On Dec 7, 2:37 pm, wrote:
I lost some shingles during a storm a few days ago, and I want to put
some new ones on, but I thought I was supposed to wait for the roof to
be dry. I was going to put them on today, because the weather report
yesterday said today would be partly cloudy, but damned if we didn't
just have another shower. It's not raining hard or often, just a
couple showers a day, enough to keep the roof wet. So is it worse to
wait and let it keep getting wet, or to trap the moisture in by
putting the new shingles on before it dries? The area needing new
shingles (the old ones are completely gone down to the tar paper) is
about 5' x 6'. Thanks for any help.


A great and humerous exchange..in this group?!?! WOW...nice.....

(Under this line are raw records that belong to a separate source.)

Lemma Gamma_monotone x x' l l' :
  (forall i, convex_function setT (fun x => Phi x i 0)) ->
  is_jacobian Phi x (DPhi x) -> is_jacobian Phi x' (DPhi x') ->
  nonneg_orthant l -> nonneg_orthant l' ->
  0 <= dotv (col_mx x l - col_mx x' l') (Gamma Phi DPhi x l - Gamma Phi DPhi x' l').
Proof.
move=> cvxPhi jac jac' l_ge0 l'_ge0.
have sub := jacobian_subgradient x' cvxPhi jac l_ge0.
have sub' := jacobian_subgradient x cvxPhi jac' l'_ge0.
rewrite -opprB mulmxN dotvNr in sub.
rewrite opp_col_mx add_col_mx dotvBr !dotv_Gamma !dotvBl.
lra.
Qed.

End Gamma.

Section FirstOrderConditions.
Variables (R : realType) (n p : nat) (f : 'cV[R]_n -> R) (Phi : 'cV[R]_n -> 'cV[R]_p)
  (rho eta : R).

Lemma scaledL_argmin_first_order (X : set 'cV[R]_n) (A : 'M[R]_(p, n)) (r : R)
    (xk z y : 'cV[R]_n) (l : 'cV[R]_p) :
  convex_set X -> convex_function setT f -> 0 <= rho -> is_jacobian Phi z A -> X z ->
  (forall x, X x -> scaledL f Phi z l rho eta + r / 2 * sqnorm (z - xk)
                    <= scaledL f Phi x l rho eta + r / 2 * sqnorm (x - xk)) ->
  X y ->
  0 <= rho * (f y - f z) + eta^-1 * dotv l (A *m (y - z)) + r * dotv (y - z) (z - xk).
Proof.
move=> cvxX cvxf rho_ge0 jac Xz z_min Xy.
(* f is merely convex: its increment along the segment is bounded by convexity, and
   only the Φ-part of the objective is passed to the limit. *)
pose quot t := t^-1 * (dotv l (Phi (t *: (y - z) + z)) - dotv l (Phi z)).
apply: (@ge_cvg_at_right _
  (fun t => rho * (f y - f z) + eta^-1 * quot t + r * dotv (y - z) (z - xk)) _ _
  (r / 2 * sqnorm (y - z))).
  apply: cvgD; last exact: cvg_cst.
  apply: cvgD; first exact: cvg_cst.
  by apply: cvgM; [exact: cvg_cst | exact: dotv_diff_quotient_cvg].
move=> t /andP[t_gt0 t_le1].
have := z_min _ (convex_set_segment cvxX Xz Xy (ltW t_gt0) t_le1).
rewrite /scaledL -[_ + z - xk]addrA sqnorm_scale_add => zt_ge.
have f_cvx := ler_wpM2l rho_ge0 (convex_function_segment z y cvxf (ltW t_gt0) t_le1).
have t_quot : t * (eta^-1 * quot t)
              = eta^-1 * (dotv l (Phi (t *: (y - z) + z)) - dotv l (Phi z)).
  by rewrite /quot mulrCA mulVKf ?gt_eqF.
rewrite -(pmulr_rge0 _ t_gt0); lra.
Qed.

okay what kind of roof is it??...steep...pitched......because MALCOLM
is totally correct: you should stay off a wet roof whenever
possible........

basically as far as just the material is concerned....wet felt paper
will tend to buckle...so in an ideal situation, you'd like to see the
exposed felt be as flat as possible..however.....the very fact that
some of your roof has blown off..means something is going wrong...and
may indicate that the entire system will need extensive work in the
near future...so you could get the felt issue right at that time...if
the roof is not too steep...and you have the skill (and a little
courage) to tackle the job on your own..then the fact that it is wet /
snowy / damp...will not effect the shingles themselves....we spend
many rainy days running around our market making emergency repairs for
insurance companies and panicked homeowners....a good tip would be to
manually hand seal each tab to the existing roof..rather than waiting
for thermal sealing to kick in! Good Luck!